Com atores vindo do cinema independente, repare também na participação do já conhecido e consagrado Ralph Fiennes (Harry Potter, O Jardineiro Fiel, O leitor).
Há algum tempo atrás, Gabourey Sibide, era apenas uma estudante de psicologia, nascida no Brooklyn e criada no Harlem. Foi incentivada por sua mãe e um amigo a fazer o teste para a protagonista do filme Preciosa – uma história de esperança. Até então, não havia participado de nada além que algumas peças na escola. Sibide concorreu com mais 500 garotas pelo papel principal do filme e acabou sendo escolhida dois dias depois de realizar o primeiro teste.
Em entrevista cedida ao site G1, ela conta que o diretor Lee Daniels perguntou como ficariam as aulas na faculdade caso ela fizesse o filme. Sem pensar muito Sibide respondeu: “Não é todo dia que alguém recebe uma oferta para participar de um filme, algo tem que ser sacrificado.” Muito provável que ela tenha conquistado o diretor e acabou sendo escolhida para o papel.
A novata surpreendeu e merece destaque. Logo em seu primeiro trabalho no cinema chegou a concorrer pelo Oscar, na categoria de melhor atriz com as veteranas Meryl Streep e Helen Mirren.
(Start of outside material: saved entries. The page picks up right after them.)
(* Let $p$ be an odd prime and $n\ge1$ an integer, and let $K_n$ be the complete graph of order $n$. Put $q=\lfloor n/p\rfloor$, $r=n-qp$, $\psi=\max\{0,2r-p+1\}$, $\delta_s=1$ if $s$ is even and $0$ otherwise, and $\mathcal S=\mathcal S_1+\mathcal S_2$ with $$\mathcal S_1=\sum_{\substack{s=2\\ s\ne p}}^{r+1}(s-1-\delta_s)(s/p),\qquad \mathcal S_2=\sum_{\substack{s=r+2\\ s\ne p}}^{2r}(2r-s+1-\delta_s)(s/p).$$ Then $K_n$ is a Legendre cordial graph modulo $p$ if and only if $$\mathcal S=2nq-pq^2-q+\psi\quad\text{or}\quad \mathcal S=2nq-pq^2-q+\psi\pm2.$$
   Context: For an odd prime $p$ and an integer $a$ not divisible by $p$, $(a/p)$ denotes the Legendre symbol: $1$ if $a$ is a quadratic residue mod $p$, $-1$ otherwise. Empty sums equal $0$. For a simple connected graph $G$ of order $n$, a bijection $f:V(G)\to\{1,\dots,n\}$ is a Legendre cordial labeling modulo $p$ if the induced edge labeling $f_p^*:E(G)\to\{0,1\}$, defined by $f_p^*(uv)=0$ if $p\mid f(u)+f(v)$ or $((f(u)+f(v))/p)=-1$, and $f_p^*(uv)=1$ if $((f(u)+f(v))/p)=1$, satisfies $|e_{f_p^*}(0)-e_{f_p^*}(1)|\le1$, where $e_{f_p^*}(i)$ is the number of edges with label $i$. A graph admitting such a labeling is a Legendre cordial graph modulo $p$. *)

From mathcomp Require Import all_boot all_order all_fingroup all_algebra.
Set Implicit Arguments. Unset Strict Implicit. Unset Printing Implicit Defensive.
Import Order.TTheory GRing.Theory Num.Theory.

Definition qres (p a : nat) : bool := [exists x : 'I_p, (x * x) %% p == a %% p].

Definition legendre (p a : nat) : int :=
  if p %| a then 0%R else if qres p a then 1%R else (-1)%R.

Definition simple_graph (n : nat) (e : rel 'I_n) : Prop :=
  irreflexive e /\ symmetric e.
Lemma safa_not_alt_cca (M : SAFA bool) :
  ~ (forall w, safa_lang M w <-> cca_lang alt_cca w).
Proof.
move=> same_lang; set K := #|safa_Q M|.
have /same_lang acc := alt_cca_rounds K (safa_m M * K).+1.
have [||r [q1 [S1 [q2 [v [run_r run_round acc_v]]]]]] :=
  safa_acc_stable_round (@data_round K) _ _ acc => //.
  by rewrite addnS ltnS leq_addl.
have long_round : K <= size (round K) by rewrite size_round leq_addr.
have [i [j [lt_ij le_jK run_pumped]]] := safa_run_pump run_round long_round.
rewrite round_pumped in run_pumped; last by rewrite lt_ij le_jK.
have : safa_lang M ((flatten (nseq r (round K)) ++
                     block true 0 i ++ block true j (K - j) ++ block false 0 K) ++ v).
  apply/safa_acc_cat; exists q2, S1; split => //.
  by apply/safa_run_cat; exists q1, S1.
move/same_lang/alt_cca_count => /(_ i); rewrite !count_cat !count_rounds !count_block /=.
have lt_iK : i < K := leq_trans lt_ij le_jK.
by rewrite !add0n addn0 lt_iK ltnn (leqNgt j i) lt_ij; lia.
Qed.

Theorem theorem17 :
  (forall (Sigma : finType) (M : SAFA Sigma),
      exists A : CCA Sigma, forall w : dword Sigma, cca_lang A w <-> safa_lang M w)
  /\
  (exists (Sigma : finType) (A : CCA Sigma),
      forall M : SAFA Sigma, ~ (forall w : dword Sigma, safa_lang M w <-> cca_lang A w)).
Proof.
split; first exact: safa_lang_cca.
by exists bool, alt_cca; exact: safa_not_alt_cca.
Qed.
Lemma mpoly_mulX_ind (R : comNzRingType) n (P : {mpoly R[n]} -> Prop) :
  (forall p q, P p -> P q -> P (p + q)) ->
  (forall c p, P p -> P (c *: p)) ->
  P 1 ->
  (forall p i, P p -> P (p * 'X_i)) ->
  forall p, P p.
Proof.
move=> PD PZ P1 PX.
have PXn p i k : P p -> P ('X_i ^+ k * p).
  by elim: k => [|k IHk] Pp; rewrite ?mul1r // exprSr mulrAC; apply/PX/IHk.
have PXm m : P 'X_[m].
  by rewrite mpolyXE_id; apply: big_rec => // i q _; apply: PXn.
elim/mpolyind=> [|c m p _ _ Pp]; first by rewrite -(scale0r 1); apply: PZ.
exact/PD/Pp/PZ.
Qed.

Section MonomialCoefficients.
Variables (R : nzRingType) (n : nat).
Implicit Types (q : {mpoly R[n]}) (m c : 'X_{1..n}).

Lemma mcoeffMXE q m c :
  (q * 'X_[m])@_c = if (m <= c)%MM then q@_(c - m) else 0.
Proof.
case: ifP => [le_mc|nle_mc]; first by rewrite -{1}(submK le_mc) addmC mcoeffMX.
apply/eqP; rewrite mcoeff_eq0 (perm_mem (msuppMX q m)).
by apply/mapP => -[m' _ def_c]; rewrite def_c lem_addr in nle_mc.
Qed.

Lemma mcoeff_sumX k (Q : pred 'X_{1..n}) (F : 'X_{1..n} -> R) c :
  (forall b, Q b -> (mdeg b < k)%N) ->
  (\sum_(b : 'X_{1..n < k} | Q b) F b *: 'X_[b])@_c = if Q c then F c else 0.
Proof.
move=> Q_deg; rewrite raddf_sum /=.
under eq_bigr => b _ do rewrite mcoeffZ mcoeffX.
case: ifP => Qc; last first.
  rewrite big1 // => b Qb; case: eqP => [bc|]; last by rewrite mulr0.
  by rewrite -bc Qb in Qc.
rewrite (bigD1 (BMultinom (Q_deg c Qc))) //= eqxx mulr1 big1 ?addr0 // => b.
case/andP=> _ ne_b; case: eqP => [bc|]; last by rewrite mulr0.
by case/eqP: ne_b; apply: val_inj.
Qed.

Lemma mdeg_subm m c : (m <= c)%MM -> mdeg (c - m) = (mdeg c - mdeg m)%N.
Proof. by move=> le_mc; rewrite -{2}(submK le_mc) mdegD addnK. Qed.

Lemma mnm_le_mdeg c i : (c i <= mdeg c)%N.
Proof. by rewrite mdegE (bigD1 i) //= leq_addr. Qed.

Lemma lemUn c i k : (U_(i) *+ k <= c)%MM = (k <= c i)%N.
Proof.
apply/mnm_lepP/idP => [/(_ i)|le_kc j]; first by rewrite mulmnE mnm1E eqxx mul1n.
by rewrite mulmnE mnm1E; case: eqP => [<-|]; rewrite ?mul1n ?mul0n.
Qed.

Lemma mcoeffMXn q i k c :
  (q * 'X_i ^+ k)@_c = if (k <= c i)%N then q@_(c - U_(i) *+ k) else 0.
Proof. by rewrite mpolyXn mcoeffMXE lemUn. Qed.

End MonomialCoefficients.

Section Derivations.
Variables (R : comNzRingType) (n : nat).
Implicit Types (f : 'I_n -> {mpoly R[n]}) (p q : {mpoly R[n]}).

Definition mder f p : {mpoly R[n]} := \sum_(i < n) f i * p^`M(i).

Lemma mder_is_linear f : linear (mder f).
Proof.
move=> c p q; rewrite /mder scaler_sumr -big_split; apply: eq_bigr => i _ /=.
by rewrite mderivD mderivZ mulrDr scalerAr.
Qed.

HB.instance Definition _ f :=
  GRing.isLinear.Build R {mpoly R[n]} {mpoly R[n]} _ (mder f) (mder_is_linear f).

Lemma mderM f p q : mder f (p * q) = mder f p * q + p * mder f q.
Proof.
rewrite /mder mulr_suml mulr_sumr -big_split; apply: eq_bigr => i _ /=.
by rewrite mderivM; ring.
Qed.

Lemma mderX f i : mder f 'X_i = f i.
Proof.
rewrite /mder (bigD1 i) //= big1 => [|j ne_ji]; last first.
  by rewrite mderivX mnm1E eq_sym (negbTE ne_ji) scale0r mulr0.
rewrite mderivX mnm1E eqxx.
have := addmK U_(i) 0%MM; rewrite add0m => ->.
by rewrite mpolyX0 scale1r mulr1 addr0.
Qed.

Lemma mder_nat f k : mder f k%:R = 0.
Proof.
rewrite /mder big1 // => i _.
by rewrite mderivMn -mpolyC1 mderivC mul0rn mulr0.
Qed.

Lemma mder1 f : mder f 1 = 0.
Proof. exact: (mder_nat f 1). Qed.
O filme é baseado no livro Push (1996), de Sapphire e traz temas como racismo, abuso sexual, incesto, pobreza, violência doméstica e AIDS para as telas. O resultado positivo é mérito do diretor Lee Daniels, que conseguiu trabalhar bem todos esses aspectos sem torná-los clichê e nem exagerar na dose.
Claireece Preciosa Jones é uma adolescente de 16 anos, negra, obesa, analfabeta, pobre, mal-tratada pela mãe e vítima de estrupos pelo seu pai. Grávida de seu segundo filho, a diretora de sua escola a força a mudar para uma escola “alternativa”, onde acaba conhecendo a professora Blu Rain, interpretada por Paula Patton, que a ajudará a aprender a ler e exteriorizar as suas emoções.
Com tantos problemas, Preciosa encontra refúgio em seus devaneios: ela se imagina uma estrela, passeando por festas, fazendo sessões fotográficas e com um namorado lindo. E é para esse mundo que ela foge quando que sair da sua realidade.
O filme Preciosa, contou com um ótimo elenco. Vale ressaltar, a participação de Mariah Carey sem nenhum glamour, na pela da assistente social e o enfermeiro, interpretado por Lenny Kravitz, que quase passam despercebidos no decorrer do filme, tamanho envolvimento na trama.
Mesmo lidando com temas tão pesados, o filme se trata de algo maior: a esperança. Preciosa, com o apoio da professora Rain, de suas novas amigas da escola “alternativa”, começa a ganhar auto-estima e coragem para encarar seus problemas de frente.
O filme recebeu atenção especial da apresentadora de TV, Oprah Winfrey, que ajudou na divulgação e acabou entrando na ficha técnica como produtora executiva.
Preciosa já acumula tem 44 prêmios e 58 indicações pelo mundo. A atuação de Mo’Nique, que interpreta a mãe de preciosa, recebeu grandes elogios e ganhou como Melhor Atriz Coadjuvante nas seguintes premiações: 82º Academy Awards, Oscar, 67º Globos de Ouro e 16º Screen Actors Guild Awards.
O filme também foi premiado como Melhor Roteiro Adaptado pelo Oscar e pela 82º Academy Awards.
No Spirits Award, premiação voltada para cinema independente, ainda ganhou como melhor filme, diretor e roteiro original, melhor atriz (Gabourey Sibide) e melhor atriz coadjuvante (Mo’Nique).
Preciosa, além de ótimo elenco, tem um enredo envolvente que é capaz de emocionar o telespectador. Eu recomendo.